Holy shit dude on those awesome done models.


----------



## louisshli (Aug 19, 2010)

1Foxman,

Nice SGs..... i like the color you chose for those MC power weapons, the green is a nice contrast from the armor... well done! + rep


----------



## troybuckle (Nov 24, 2010)

Nice job on the sangs, I like the colors a lot + rep.


----------



## 1Foxman (Jan 30, 2011)

Hello, thanks for the replies and the rep guys its nice to get some feedback. 

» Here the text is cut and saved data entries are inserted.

Lemma gauss_weight_lim_0 (a y : R) : 0 < a -> filterlim (gauss_weight a y) (at_right 0) (locally 0).
Proof.
  intros Ha. apply filterlim_locally. intros eps.
  set (c := exp (Rabs y)). assert (Hc : 0 < c) by apply exp_pos.
  set (d := Rpower (eps / c) (/ a)).
  assert (Hd : 0 < Rmin 1 d) by (apply Rmin_case; [lra | apply exp_pos]).
  exists (mkposreal _ Hd). intros u Hu Hu0. apply ball_R_between in Hu. simpl in Hu.
  pose proof (Rmin_l 1 d). pose proof (Rmin_r 1 d).
  apply Rabs_lt_between'. pose proof (gauss_weight_pos a y u).
  assert (Hpow : Rpower u a < eps / c).
  { replace (eps / c) with (Rpower d a).
    - apply Rlt_Rpower_l; lra.
    - unfold d. rewrite Rpower_mult, Rinv_l, Rpower_1 by (try apply Rdiv_lt_0_compat; try apply cond_pos; lra).
      reflexivity. }
  pose proof (gauss_weight_le_near_0 a y u ltac:(lra)).
  apply (Rmult_lt_compat_l c) in Hpow; [| exact Hc].
  replace (c * (eps / c)) with (pos eps) in Hpow by (field; lra).
  unfold c in Hpow. lra.
Qed.

Lemma gauss_weight_lim_oo (a y : R) : filterlim (gauss_weight a y) (Rbar_locally p_infty) (locally 0).
Proof.
  apply filterlim_locally. intros eps.
  set (K := exp ((Rabs a + Rabs y + 1) ^ 2 / 2)). assert (HK : 0 < K) by apply exp_pos.
  exists (Rmax 1 (- ln (eps / K))). intros u Hu.
  pose proof (Rmax_l 1 (- ln (eps / K))). pose proof (Rmax_r 1 (- ln (eps / K))).
  apply Rabs_lt_between'. pose proof (gauss_weight_pos a y u).
  pose proof (gauss_weight_le_exp_opp a y u ltac:(lra)).
  assert (Hexp : exp (- u) < eps / K).
  { rewrite <- (exp_ln (eps / K)) by (apply Rdiv_lt_0_compat; [apply cond_pos | exact HK]).
    apply exp_increasing. lra. }
  apply (Rmult_lt_compat_l K) in Hexp; [| exact HK].
  replace (K * (eps / K)) with (pos eps) in Hexp by (field; lra).
  unfold K in Hexp. lra.
Qed.

(* Integration by parts of [d/du gauss_weight q y]; the boundary terms vanish since [q > 0]. *)
Lemma moment_recurrence (q y : R) : 0 < q ->
  moment (q + 1) y = q * moment (q - 1) y + y * moment q y.
Proof.
  intros Hq.
  set (dw u := q * gauss_weight (q - 1) y u + y * gauss_weight q y u - gauss_weight (q + 1) y u).
  assert (H0 : is_RInt_0oo dw (0 - 0)).
  { apply (is_RInt_0oo_ext (Derive (gauss_weight q y)));
      [intros; now apply is_derive_unique, is_derive_gauss_weight |].
    apply is_RInt_gen_Derive.
    - eapply filter_imp; [| exact eventually_0_lt_le]. intros [a b] [Ha Hab] x [Hx _]. simpl in *.
      rewrite Rmin_left in Hx by lra. apply ex_derive_gauss_weight. lra.
    - eapply filter_imp; [| exact eventually_0_lt_le]. intros [a b] [Ha Hab] x [Hx _]. simpl in *.
      rewrite Rmin_left in Hx by lra.
      apply (continuous_ext_loc _ dw).
      + exists (mkposreal x ltac:(lra)). intros t Ht. apply ball_R_between in Ht. simpl in Ht.
        symmetry. apply is_derive_unique, is_derive_gauss_weight. lra.
      + unfold dw. apply (ex_derive_continuous (V:=R_NormedModule)).
        assert (0 < x) by lra.
        apply (ex_derive_minus (fun u => q * gauss_weight (q - 1) y u + y * gauss_weight q y u));
          [apply (ex_derive_plus (fun u => q * gauss_weight (q - 1) y u)); apply ex_derive_scal |];
          now apply ex_derive_gauss_weight.
    - now apply gauss_weight_lim_0.
    - apply gauss_weight_lim_oo. }
  pose proof (is_RInt_0oo_lincomb _ _ _ _ q y (is_RInt_moment (q - 1) y ltac:(lra))
                (is_RInt_moment q y ltac:(lra))) as H1.
  pose proof (is_RInt_0oo_lincomb _ _ _ _ 1 (-1) H1 (is_RInt_moment (q + 1) y ltac:(lra))) as H2.
  apply (is_RInt_0oo_ext _ dw) in H2; [| intros; unfold dw; ring].
  pose proof (is_RInt_0oo_unique _ _ _ H0 H2). lra.
Qed.

Lemma is_RInt_moment_even (a y : R) : -1 < a ->
  is_RInt_0oo (fun u => gauss_weight a y u + gauss_weight a (- y) u) (moment_even a y).
Proof.
  intros Ha. exact (is_RInt_gen_plus _ _ _ _ (is_RInt_moment a y Ha) (is_RInt_moment a (- y) Ha)).
Qed.

Lemma is_RInt_moment_odd (a y : R) : -1 < a ->
  is_RInt_0oo (fun u => gauss_weight a y u - gauss_weight a (- y) u) (moment_odd a y).
Proof.
  intros Ha. exact (is_RInt_gen_minus _ _ _ _ (is_RInt_moment a y Ha) (is_RInt_moment a (- y) Ha)).
Qed.

Lemma moment_even_ge_0 (a y : R) : -1 < a -> 0 <= moment_even a y.
Proof.
  intros Ha. refine (is_RInt_0oo_ge_0 _ _ _ (is_RInt_moment_even a y Ha)). intros u _.
  pose proof (gauss_weight_pos a y u). pose proof (gauss_weight_pos a (- y) u). lra.
Qed.

Lemma moment_even_recurrence (q y : R) : 0 < q ->
  moment_even (q + 1) y = q * moment_even (q - 1) y + y * moment_odd q y.
Proof.
  intros Hq. unfold moment_even, moment_odd. rewrite !moment_recurrence by exact Hq. ring.
Qed.

Lemma moment_quadratic_ge_0 (a y l : R) : -1 < a ->
  0 <= l ^ 2 * moment_even a y - 2 * l * moment_odd (a + 1) y + moment_even (a + 2) y.
Proof.
  intros Ha.
  pose proof (is_RInt_0oo_lincomb _ _ _ _ (l ^ 2) (- 2 * l) (is_RInt_moment_even a y Ha)
                (is_RInt_moment_odd (a + 1) y ltac:(lra))) as H.
  pose proof (is_RInt_0oo_lincomb _ _ _ _ 1 1 H (is_RInt_moment_even (a + 2) y ltac:(lra))) as H'.
  replace (l ^ 2 * moment_even a y - 2 * l * moment_odd (a + 1) y + moment_even (a + 2) y)
    with (1 * (l ^ 2 * moment_even a y + - 2 * l * moment_odd (a + 1) y) + 1 * moment_even (a + 2) y) by ring.
  refine (is_RInt_0oo_ge_0 _ _ _ H'). intros u Hu. cbv beta.
  pose proof (gauss_weight_pos a y u). pose proof (gauss_weight_pos a (- y) u).
  unfold gauss_weight in *. rewrite !Rpower_plus_1, !Rpower_plus_2 by exact Hu.
  replace (1 * (l ^ 2 * (Rpower u a * exp (y * u - u ^ 2 / 2) + Rpower u a * exp (- y * u - u ^ 2 / 2)) +
     - 2 * l * (Rpower u a * u * exp (y * u - u ^ 2 / 2) - Rpower u a * u * exp (- y * u - u ^ 2 / 2))) +
     1 * (Rpower u a * u ^ 2 * exp (y * u - u ^ 2 / 2) + Rpower u a * u ^ 2 * exp (- y * u - u ^ 2 / 2)))
    with ((l - u) ^ 2 * (Rpower u a * exp (y * u - u ^ 2 / 2))
          + (l + u) ^ 2 * (Rpower u a * exp (- y * u - u ^ 2 / 2)))
    by ring.
  pose proof (pow2_ge_0 (l - u)). pose proof (pow2_ge_0 (l + u)). nra.
Qed.

Lemma is_root_eq_sqr_ge (q D : R) : 0 < q -> 0 < D -> is_root_eq q D -> q / 2 <= D ^ 2.
Proof.
  intros Hq HD Hroot. unfold is_root_eq in Hroot.
  rewrite Derive_FGq, FGq_moment_even in Hroot by exact Hq.
  set (A := moment_even (q - 1) D) in *. set (B := moment_odd q D) in *.
  (* [A = 0] is excluded because [x / 0 = 0] would turn the root equation into [q = 0]. *)
  assert (HA : 0 < A).
  { destruct (moment_even_ge_0 (q - 1) D ltac:(lra)) as [Hpos | Hzero]; [exact Hpos |].
    fold A in Hzero. rewrite <- Hzero in Hroot. unfold Rdiv in Hroot. rewrite Rinv_0, Rmult_0_r in Hroot. lra. }
  assert (HB : B = q / D * A).
  { apply (Rmult_eq_compat_r A) in Hroot.
    replace ((q - D * B / A) * A) with (q * A - D * B) in Hroot by (field; lra).
    replace B with (D * B / D) by (field; lra). replace (D * B) with (q * A) by lra. field. lra. }
  assert (HC : moment_even (q + 1) D = 2 * q * A).
  { rewrite moment_even_recurrence by exact Hq. fold A B. rewrite HB. field. lra. }
  pose proof (moment_quadratic_ge_0 (q - 1) D (q / D) ltac:(lra)) as Hquad.
  replace (q - 1 + 1) with q in Hquad by ring. replace (q - 1 + 2) with (q + 1) in Hquad by ring.
  fold A B in Hquad. rewrite HB, HC in Hquad.
  replace ((q / D) ^ 2 * A - 2 * (q / D) * (q / D * A) + 2 * q * A) with (A * q * (2 * D ^ 2 - q) / D ^ 2) in Hquad
    by (field; lra).
  assert (0 <= A * q * (2 * D ^ 2 - q)).
  { apply Rmult_le_reg_r with (/ D ^ 2); [apply Rinv_0_lt_compat; nra |]. lra. }
  assert (0 < A * q) by nra. nra.
Qed.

I did some painting this afternoon after uni, i have a side project of Ultramarines with a little change to the armour colouring. Its only a small force of a squad of 5 sternguard, squad of 5 vanguard, and Marneus Calgar and honour guards. 
Just something to paint when i feal like it, anyway here is the start of the sternguard. Basecoats only so far,


























Thanks for looking
C&C Welcome
J


----------



## Bane_of_Kings (Oct 28, 2009)

Great stuff, and isn't that colour scheme similar to Novamarines?


----------



## Varakir (Sep 2, 2009)

I wish all new members started logs this pretty :wink:

Although i think i'd have to devote a lot more time to looking at models.....

Great work so far, you have a nice eye for colour and a very neat style. However I hope those sang guard are getting based!


----------



## 1Foxman (Jan 30, 2011)

@Bane_of_Kings: Thanks, yes you would be correct i have painted Ultramarines before and found them a little plain so i decided to give the new force a little bit of warping. Ultramarines thru and thru but with different styled armour. I think it will be a nice little showcase force.

@Varakir: Appreciated, yes i found myself last night looking at plogs for a good 45mins without realising. Yeah my painting has definatly refined in the last year, as for the sang guard they were a quick commission job for a local gamer so he was going to base them to fit with his army.

Anyway i should have some more progress up either tonight or tomorrow night.
J.


----------